Although sometimes described as the least known military atrocity in American history, the details of the
Bear River engagement are relatively well documented and have been told repeatedly over the past eighty
years. Nevertheless, though locally commemorated since 1931 as an important historical site, and placed
on the National Register of Historic Places and designated a National Historic Landmark in 1990, little
was known of the property’s archeological record or its landscape integrity when we began this project.
Most of the many available narratives agree on the sequence of events, the numbers involved, and the
outcome. However, none of these accounts have attempted to place the fixed historical facts within the
dynamic geomorphology of the Landmark. This level of understanding is key to using the property for
interpretation, visitation, public education, and management.
We sought answers to four questions:
1. Where was the Shoshone village?
2. Where was the core area of combat?
3. What are the boundaries of the battlefield, and what impacts have affected it since 1863?
4. What evidence survives for earlier occupations within the Landmark?
Prior to and continuing into the fieldwork phase, we reviewed the archeological, historic, ethnographic
and ethnohistoric context for the study area, and evaluated evidence for the engagement from written,
graphic, oral, and cartographic sources. To the extent feasible, we followed ABPP guidelines in analyzing
the order of battle for both sides, while not neglecting tribal interpretations of the attack and its
aftermath. A standard KOCOA analysis (key terrain, observation and fields of fire, cover and
concealment, obstacles, and avenues of approach and withdrawal) broke the Landmark down into 15
elements. Parts of seven of them were examined during the field investigations reported here: East Plain,
Cedar Point, Upper Ravine, West Bluff, Middle Ravine, Lower Ravine, and West Plain.
ISHS contracted with Utah State University Archeological Services (USUAS) to conduct a close-interval
pedestrian survey of selected parcels of the Landmark, followed by metal detection survey transects of
selected units, and geophysical survey of up to ten 20 x 20 m blocks. Fieldwork was restricted to
properties where we had obtained landowner permissions. The objectives were to locate structures and
features associated with the Shoshone village, and evidence for artifact patterning related to the battle.
The pedestrian survey covered six acres (2.4 ha) in the north pasture of the East Plain. Geophysical and
metal detector survey examined just under 15,000 m2 (1.5 ha or 3.7 acres), a small fraction of the
Landmark’s total area (1,691 acres or 684 ha). Nevertheless, the area examined included parts of seven of
the 15 KOCOA elements defined for the battlefield. Finally, results of the fieldwork have been
noninvasive and nonintrusive.
The historic background research suggested that Landmark surface features have undergone considerable
change since 1863. Support from the Idaho Heritage Trust allowed us to retain a geologist from Utah
State University (USU) to map relevant Quaternary sediments and develop a radiocarbon chronology for
the inset terrace sequence within Battle Creek ravine. The resulting map positions the battlefield within
the unstable deltaic sediments of Pleistocene Lake Bonneville. Many surfaces have been continuously
reworked by channel meanders, floods, slope failures and landslides.
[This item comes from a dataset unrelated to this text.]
(* Let $n,k$ be integers with $2\le 2k\le n-4$. Let $\eta=(\eta_1<\dots<\eta_l)\in\overline{\mathbb{D}}^{\,\mathrm{o}}_{2k+2}$, where $\overline{\mathbb{D}}^{\,\mathrm{o}}_{2k+2}=\mathbb{D}^{\,\mathrm{o}}_{2k+2}\setminus\{(1,2k+1)\}$ if $2k=n-4$ and $\overline{\mathbb{D}}^{\,\mathrm{o}}_{2k+2}=\mathbb{D}^{\,\mathrm{o}}_{2k+2}$ otherwise. Let $Y_{\eta^*}$ be the Young diagram whose main diagonal consists of exactly the cells $c_{1,1},\dots,c_{l+1,l+1}$ and which satisfies $h_{1,1}=2n-5$, $h_{i,i}=\eta_{l-(i-2)}$ for $2\le i\le l+1$, and $a(c_{i,i})=l(c_{i,i})$ for $1\le i\le l+1$ (so $Y_{\eta^*}$ is self-conjugate). Let $\lambda$ be the partition associated with $Y_{\eta^*}$ (i.e. $\lambda=\mathbb{N}_0\setminus\mathrm{KN}^{-1}(Y_{\eta^*})$, equivalently the set of hook lengths of the first-column cells of $Y_{\eta^*}$). Then $\lambda$ is unrefinable. In particular $\lambda\in\overline{\mathcal{U}}_{T_{n,n-2k}}$.
   Context: A partition of $N$ into distinct parts is a sequence $\lambda=(\lambda_1,\dots,\lambda_t)$ of positive integers with $\lambda_1<\dots<\lambda_t$, $\sum\lambda_i=N$ and $t\ge 2$, identified with its set of parts. $\mathbb{D}_N$ is the set of these, and $\mathbb{D}^{\,\mathrm{o}}_N$ the subset with all parts odd. Missing parts: $\mathcal{M}_\lambda=\{1,\dots,\lambda_t\}\setminus\{\lambda_1,\dots,\lambda_t\}$. $\lambda$ is refinable if there are two distinct missing parts $\mu<\mu'$ with $\mu+\mu'\in\lambda$, unrefinable otherwise; $\mathcal{U}_N$ is the set of unrefinable partitions of $N$. An element of $\mathcal{U}_N$ is maximal if its largest part equals the maximum of the largest parts of elements of $\mathcal{U}_N$; $\widetilde{\mathcal{U}}_N$ is the set of these and $\overline{\mathcal{U}}_N=\{\lambda\in\widetilde{\mathcal{U}}_N:\#\mathcal{M}_\lambda=\lfloor\lambda_t/2\rfloor\}$. $T_n=n(n+1)/2$ and $T_{n,d}=T_n-d$. Young diagrams are in English convention: rows $R_1,R_2,\dots$ top to bottom, columns $C_1,C_2,\dots$ left to right, $c_{i,j}$ the cell in row $i$, column $j$; arm $a(c_{i,j})$ = number of cells to its right in its row, leg $l(c_{i,j})$ = number of cells below it in its column, hook length $h_{i,j}=a+l+1$. A numerical set is $S\subseteq\mathbb{N}_0$ with $0\in S$ and finite complement. The Keith–Nath transformation sends $S$ to the Young diagram $\mathrm{KN}(S)$ whose boundary is the lattice path that, starting at the origin, takes for $j=0,1,\dots,\max(\mathbb{N}_0\setminus S)$ an east step if $j\in S$ and a north step otherwise; it is a bijection onto Young diagrams, and the hook lengths of the first-column cells of $\mathrm{KN}(S)$ are exactly the elements of $\mathbb{N}_0\setminus S$. *)

From mathcomp Require Import all_boot.
Set Implicit Arguments. Unset Strict Implicit. Unset Printing Implicit Defensive.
Analysis of three historic maps, two drafted by soldiers in 1863 and one with the help of witness
testimony in 1926, and comparisons of these maps with the current USGS 7.5’ Banida quadrangle,
Google Earth imagery, and finally with our project-related map of Quaternary sediments, allowed us to
model the 1863 channel positions of both Bear River and Battle Creek. These adjustments led us to
reposition the Shoshone village and the core area of combat. One unexpected outcome of this analysis
suggests that the area of the Landmark could be reduced in size by eliminating the area south of Bear
River and west of Highway 91 without compromising historic interpretation.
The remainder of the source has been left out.